Oct 25th, 2022 00:33 Discuss (95 Comments)

AMD is reportedly bringing back the "XTX" brand extension to the main marketing names of its upcoming Radeon RX 7000-series SKUs. The company had, until now, reserved the "XTX" moniker for internal use, to denote SKUs that max out all hardware available on a given silicon. The RX 7000-series introduce the company's next-generation RDNA3 graphics architecture, and will see the company introduce its chiplets packaging design to the client-graphics space. The next-generation "Navi 31" GPU will likely be the first of its kind: while multi-chip module (MCM) GPUs aren't new, this would be the first time that multiple logic chips would sit on a single package for client GPUs. AMD has plenty of experience with MCM GPUs, but those have been single logic chips surrounded by memory stacks. "Navi 31" uses multiple logic chips on a package; which is then wired to conventional discrete GDDR6 memory devices like any other client GPU.

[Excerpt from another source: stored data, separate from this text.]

(* Let $N_1(I_1,O_1,r_1)$ and $N_2(I_2,O_2,r_2)$ be negators. Form the $(2,2,1)$-pole $M=\operatorname{NN}(N_1,N_2)$ by performing the junction of the connectors $O_1$ and $I_2$, and adding one new vertex $v$ incident with the semiedges $r_1$, $r_2$ (i.e. the dangling edges of $r_1$ and $r_2$ are joined to $v$) and with one new dangling edge whose free end is the semiedge $r_3$; the connectors of $M$ are $I_1=\{i,i'\}$, $O_2=\{o,o'\}$ and $\{r_3\}$. Then for every colouring $\varphi$ of $M$ we have $\varphi(i)\ne\varphi(i')$, $\varphi(o)\ne\varphi(o')$ and $\varphi(i)+\varphi(i')+\varphi(o)+\varphi(o')+\varphi(r_3)=0$. Moreover, if $N_1$ and $N_2$ are both perfect, then for every $5$-tuple $(a,b,c,d,e)\in\mathbb{K}^5$ with $a\ne b$, $c\ne d$ and $a+b+c+d+e=0$ there is a colouring $\varphi$ of $M$ with $(\varphi(i),\varphi(i'),\varphi(o),\varphi(o'),\varphi(r_3))=(a,b,c,d,e)$.
   Context: A multipole consists of vertices and edges; each edge has two ends, each either incident with a vertex or free; a free end is a semiedge. A dangling edge has exactly one end at a vertex, an isolated edge has none. All multipoles are cubic (every vertex is incident with exactly three edge ends; loops and parallel edges allowed). The semiedges are partitioned into connectors; a $(c_1,\dots,c_n)$-pole has $n$ connectors of sizes $c_1,\dots,c_n$. The junction of two semiedges identifies the two free ends into a single edge; the junction of two connectors of equal size performs junctions of their semiedges along a bijection (arbitrary unless stated). Let $\mathbb{K}=\{(0,1),(1,0),(1,1)\}\subset\mathbb{Z}_2\times\mathbb{Z}_2$. A colouring of a multipole is an assignment of elements of $\mathbb{K}$ to its edges such that at each vertex the three incident edge ends receive distinct colours (equivalently, they sum to $0$). A snark is a connected cubic graph with no such colouring. Negator: let $G$ be a snark and $uwv$ a path of length two in $G$; $\operatorname{Neg}(G;u,v)$ is the $(2,2,1)$-pole $N(I,O,r)$ obtained by deleting $u,w,v$, where $I$ consists of the two semiedges formerly incident with $u$, $O$ of the two semiedges formerly incident with $v$, and $r$ is the semiedge formerly incident with $w$. A negator $N(\{i_1,i_2\},\{o_1,o_2\},r)$ is perfect if the set of tuples $(\varphi(i_1),\varphi(i_2),\varphi(o_1),\varphi(o_2),\varphi(r))$ over all colourings $\varphi$ of $N$ equals $\{(x,x,a,b,a+b),(a,b,x,x,a+b): x,a,b\in\mathbb{K},\ a\ne b\}$. *)

From mathcomp Require Import all_boot.
Set Implicit Arguments. Unset Strict Implicit. Unset Printing Implicit Defensive.
Definition cum_reward (sched : nat -> option S) (X : S) (t : nat) : R :=
  (\sum_(0 <= u < t) slot_reward sched X u)%R.

Definition frame_len : nat := \big[lcmn/1%N]_(X : S) tau X.

Definition frame_reward (sched : nat -> option S) (X : S) (k : nat) : R :=
  (\sum_(k.-1 * frame_len <= u < k * frame_len) slot_reward sched X u)%R.

Fixpoint debt (sched : nat -> option S) (X : S) (k : nat) : R :=
  match k with
  | 0 => 0%R
  | k'.+1 => Num.max 0%R (debt sched X k' + qs X - frame_reward sched X k'.+1)%R
  end.

Definition sys_state (sched : nat -> option S) (k : nat) : {ffun S -> R} :=
  [ffun X => debt sched X k].

Definition avg_reward_meets (sched : nat -> option S) (X : S) : Prop :=
  (qs X)%:E <= limn_einf (fun t => (cum_reward sched X t / (t%:R / (frame_len)%:R))%:E).

End System.

Section Markov.
Variables (R : realType) (V : choiceType).

Definition is_markov_chain (d : measure_display) (Omega : measurableType d)
  (P : probability Omega R) (D : Omega -> nat -> V) (C : set V) (p : V -> V -> R) : Prop :=
  [/\ countable C,
      (forall w k, C (D w k)),
      (forall x y, (0 <= p x y)%R),
      (forall x, C x -> \esum_(y in C) (p x y)%:E = 1) &
      (forall (k : nat) (x : nat -> V), (forall i, (i <= k.+1)%N -> C (x i)) ->
         P [set w | forall i, (i <= k.+1)%N -> D w i = x i]
         = P [set w | forall i, (i <= k)%N -> D w i = x i] * (p (x k) (x k.+1))%:E)].

Variables (C : set V) (p : V -> V -> R).

Fixpoint nstep (n : nat) (x y : V) : \bar R :=
  match n with
  | 0 => if `[< x = y >] then 1 else 0
  | n'.+1 => \esum_(z in C) (nstep n' x z * (p z y)%:E)
  end.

The rumored Radeon RX 7900 XTX is features 12,288 stream processors, likely across two logic tiles that contain the SIMD components. These tiles are [for now] rumored to be built on the TSMC N5 (5 nm EUV) foundry process. The Display CoreNext (DCN), and Video CoreNext (VCN) components, as well as the GDDR6 memory controllers, will be built on separate chiplets that are likely built on TSMC N6 (6 nm). The "Navi 31" has a 384-bit wide memory interface. This is 384-bit and not "2x 192-bit," because the logic tiles don't have memory interfaces of their own, but rely on memory controller tiles shared between the two logic tiles, much in the same as a dual-channel DDR4 memory interface being shared between the two 8-core CPU chiplets on a Ryzen 5950X processor.

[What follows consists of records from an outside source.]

(* Let $X_\sigma$ be the root monoid associated with a cone $\sigma$, a $k$-dimensional regular face $\tau$ with primitive ray generators $p_1,\ldots,p_k$, and a set of Demazure roots $\{e_1^{(r)},e_2^{(r)}\}_{r=1}^k$ compatible with $\tau$. Let $\gamma$ be a face of $\sigma$ and let $E_\gamma$ be the set of idempotents ($x*x=x$) lying in the orbit $O_\gamma$. Then: (1) if $\tau\subseteq\gamma$, then $E_\gamma=\{x_\gamma\}$; (2) if there exists $r\in\{1,\ldots,k\}$ with $p_r\notin\gamma$ such that either both $e_1^{(r)},e_2^{(r)}\notin\gamma^\perp$ or both $e_1^{(r)},e_2^{(r)}\in\gamma^\perp$, then $E_\gamma=\varnothing$; (3) if for every $r\in\{1,\ldots,k\}$ with $p_r\notin\gamma$ exactly one of $e_1^{(r)},e_2^{(r)}$ lies in $\gamma^\perp$, then $E_\gamma=\{x\in O_\gamma:\chi^u(x)=1\ \text{for all } u\in\operatorname{cone}(\tau,\gamma)^\perp\cap S_\sigma\}$.
   Context: $\mathbb{K}$ algebraically closed of characteristic zero; $N$ a lattice, $M$ its dual, $\sigma\subseteq N_\mathbb{Q}$ a strongly convex rational polyhedral cone, $S_\sigma=\sigma^\vee\cap M$, $X_\sigma=\operatorname{Spec}\bigoplus_{u\in S_\sigma}\mathbb{K}\chi^u$; points of $X_\sigma$ are semigroup homomorphisms $S_\sigma\to(\mathbb{K},\cdot)$. For a face $\gamma$ of $\sigma$, $x_\gamma$ is the point with $\chi^u(x_\gamma)=1$ if $u\in\gamma^\perp$ and $0$ otherwise, and $O_\gamma$ is the torus orbit of $x_\gamma$, i.e. the set of points $x$ with $\chi^u(x)\ne0$ iff $u\in\gamma^\perp$. $\operatorname{cone}(\tau,\gamma)$ is the cone generated by $\tau$ and $\gamma$. Regular face: primitive ray generators are part of a basis of $N$. Demazure root for a ray generator $p_i$ of $\sigma$: $e\in M$ with $\langle p_i,e\rangle=-1$, $\langle p_j,e\rangle\ge0$ for the other ray generators $p_j$. Compatibility with $\tau$: $\langle p_s,e_1^{(r)}\rangle=\langle p_s,e_2^{(r)}\rangle=-\delta_{rs}$, $r,s=1,\ldots,k$. The root monoid is $X_\sigma$ with multiplication $*$ given by $\chi^u(x*y)=\sum_{\bar i+\bar j=\langle\bar p,u\rangle}\prod_{r}\binom{\langle p_r,u\rangle}{i_r}\chi^{u+\sum_ri_re_2^{(r)}}(x)\,\chi^{u+\sum_rj_re_1^{(r)}}(y)$, $u\in S_\sigma$, where $\langle\bar p,u\rangle=(\langle p_1,u\rangle,\ldots,\langle p_k,u\rangle)$ and $\bar i,\bar j\in\mathbb{Z}_{\ge0}^k$ (the dual of the comultiplication $\chi^u\mapsto\chi^u\otimes\chi^u\prod_r(1\otimes\chi^{e_1^{(r)}}+\chi^{e_2^{(r)}}\otimes1)^{\langle p_r,u\rangle}$). *)

From HB Require Import structures.
From mathcomp Require Import all_boot all_order all_algebra.
Set Implicit Arguments. Unset Strict Implicit. Unset Printing Implicit Defensive.
Import Order.TTheory GRing.Theory Num.Theory.
Local Open Scope ring_scope.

The RX 7900 XTX features 24 GB of GDDR6 memory across a 384-bit wide memory interface. This memory ticks at 20 Gbps speed, which means a raw memory bandwidth of 960 GB/s. AMD is also expected to deploy large on-die caches, which it calls the Infinity Cache, to further lubricate the GPU's memory sub-system. The most interesting aspect of this rumor is the card's typical board power value, of 420 W. Technically, this is in the same league as the 450 W typical graphics power value of the GeForce RTX 4090. Since its teaser earlier this year in the launch event of the Ryzen 7000 series desktop processors, speculation is rife that AMD will not deploy the 12+4 pin ATX 12VHPWR power connector with its Radeon RX 7000-series GPUs, and the reference-design board likely has up to three conventional 8-pin PCIe power connectors. You're any way having to spare four 8-pin connectors for an RTX 4090.

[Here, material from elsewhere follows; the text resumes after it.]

(* Let $c_0>0$, $T>0$, and let $(\hat u,\hat v)$ be a smooth solution of the NLDE on $\mathbb{R}\times[0,T]$ with $\mathcal{M}_0,\mathcal{M}<\infty$. There exist constants $\hat C_4,\hat C_5>0$, depending only on $c_0,\mathcal{M}_0,\mathcal{M},m,\alpha,\beta$, such that for every $\tau\in(0,1)$, every time-splitting solution with mesh $\tau$ whose initial data satisfy $\sum_j(|u_j^0|^2+|v_j^0|^2)\tau\le c_0$, all $j\in\mathbb{Z}$ and all integers $n\ge0$ with $(n+1)\tau\le T$, $$|\mathcal{U}_j^n(\tau)|^2\le|\mathcal{U}_j^n(0)|^2+\hat C_4\big(\tilde{\mathcal{L}}_j^n(0)+\tilde{\mathcal{D}}_j^n(0)\big)\tau+\hat C_5\mathcal{M}^2\tau^2,$$ $$|\mathcal{V}_{j+2}^n(\tau)|^2\le|\mathcal{V}_{j+2}^n(0)|^2+\hat C_4\big(\tilde{\mathcal{L}}_j^n(0)+\tilde{\mathcal{D}}_j^n(0)\big)\tau+\hat C_5\mathcal{M}^2\tau^2.$$
   Context: Fix constants $m\ge 0$ and $\alpha,\beta\in\mathbb{R}$. The NLDE for $(u,v):\mathbb{R}\times[0,T]\to\mathbb{C}^2$ is $u_t+u_x=imv+i\alpha u|v|^2+2i\beta(\bar u v+u\bar v)v$, $v_t-v_x=imu+i\alpha v|u|^2+2i\beta(\bar u v+u\bar v)u$. Let (N) denote the ODE system on $\mathbb{C}^2$: $\frac{du}{ds}=imv+i\alpha u|v|^2+2i\beta(\bar u v+u\bar v)v$, $\frac{dv}{ds}=imu+i\alpha v|u|^2+2i\beta(\bar u v+u\bar v)u$. Time-splitting scheme with mesh $\tau>0$: given $(u_j^0,v_j^0)_{j\in\mathbb{Z}}\subset\mathbb{C}^2$ with $\sum_j(|u_j^0|^2+|v_j^0|^2)<\infty$, set $(u^{(\tau)},v^{(\tau)})(x,0)=(u_j^0,v_j^0)$ for $x\in[j\tau,(j+1)\tau)$. Inductively, once $(u^{(\tau)},v^{(\tau)})(\cdot,n\tau)$ is defined, set for $t\in[n\tau,(n+1)\tau)$: $u^{(\tau)}(x,t)=u^{(\tau)}(x-(t-n\tau),n\tau)$, $v^{(\tau)}(x,t)=v^{(\tau)}(x+(t-n\tau),n\tau)$; let $(u^{(\tau)},v^{(\tau)})(x,(n+1)\tau-)$ be the left limit in $t$; and for each $x$ define $(u^{(\tau)},v^{(\tau)})(x,(n+1)\tau)$ as the value at $s=\tau$ of the solution of (N) with value $(u^{(\tau)},v^{(\tau)})(x,(n+1)\tau-)$ at $s=0$ (this is globally well defined). Notation: $(u_j^n,v_j^n)=(u^{(\tau)},v^{(\tau)})(j\tau,n\tau)$, $(u_j^{n+1-},v_j^{n+1-})=(u^{(\tau)},v^{(\tau)})(j\tau,(n+1)\tau-)$; $(u_j^{n,2}(s),v_j^{n,2}(s))$, $s\in[0,\tau]$, is the solution of (N) with initial value $(u_j^{n+1-},v_j^{n+1-})$. Comparison quantities: $\mathcal{M}_0=\max_{\mathbb{R}\times[0,T]}(|\hat u|+|\hat v|+1)$, $\mathcal{M}=\max_{\mathbb{R}\times[0,T]}(|\hat u_t|+|\hat u_x|+|\hat v_t|+|\hat v_x|+1)$. For $s\in[0,\tau]$: $\mathcal{U}_j^n(s)=\hat u(j\tau+s,n\tau+s)-u_{j+1}^{n,2}(s)$, $\mathcal{V}_{j+2}^n(s)=\hat v((j+2)\tau-s,n\tau+s)-v_{j+1}^{n,2}(s)$, $\tilde{\mathcal{L}}_j^n(s)=|\mathcal{U}_j^n(s)|^2+|\mathcal{V}_{j+2}^n(s)|^2$, $\tilde{\mathcal{D}}_j^n(s)=|\mathcal{U}_j^n(s)|^2|v_{j+1}^{n,2}(s)|^2+|\mathcal{V}_{j+2}^n(s)|^2|u_{j+1}^{n,2}(s)|^2$. *)

From Stdlib Require Import Reals ZArith List.
From Coquelicot Require Import Coquelicot.
Open Scope R_scope.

AMD's second-best SKU based on the "Navi 31" is expected to be the RX 7900 XT, with fewer stream processors—likely 10,752. The memory size is reduced to 20 GB, and the memory interface narrowed to 320-bit, which at 20 Gbps memory speed produces 800 GB/s of bandwidth. Keeping up with the trend of AMD's second-largest GPU having half the stream processors of the largest one (eg: "Navi 22" having 2,560 against the 5,120 of the "Navi 21,") the "Navi 32" chip will likely have one of these 6,144-SP logic tiles, and a narrower memory interface.

Source: VideoCardz

Add your own comment

95 Comments on AMD Radeon RX 7900 XTX to Lead the RDNA3 Pack?

#51

Punkenjoy

medi01With Infinity Cache, AMD was able to compete on par while on much slower bus. I don't see why it would be different this time.

What is going to be different is this time, Nvidia have much larger L2 cache than it had. It's should actually be pretty close to the SKU without 3d v-cache.

There are still plenty of unknown regarding how decoupled MCD with IF cache on it will perform versus the monolithic die. I doubt that the SKU will only compete with the 4080, but it is very hard to estimate how it will perform versus the 4090. Only benchmark will be able to tell.

There is also the question of RT performance. I mean it won't be too much of an issue on low end sku but on a flagship sku, it should be there.

#52

ZetZet

Guwapo77If AMD does this, I would be flabbergasted. Last gen, they priced their cards based on performance relative to the Nvidia cards. I hope like hell they hit that $1,000 MSRP, but I just don't see it.

Yeah I expect a price raise too. Maybe 1200 for 7900XT.

#53

Kapone33

PunkenjoyWhat is going to be different is this time, Nvidia have much larger L2 cache than it had. It's should actually be pretty close to the SKU without 3d v-cache.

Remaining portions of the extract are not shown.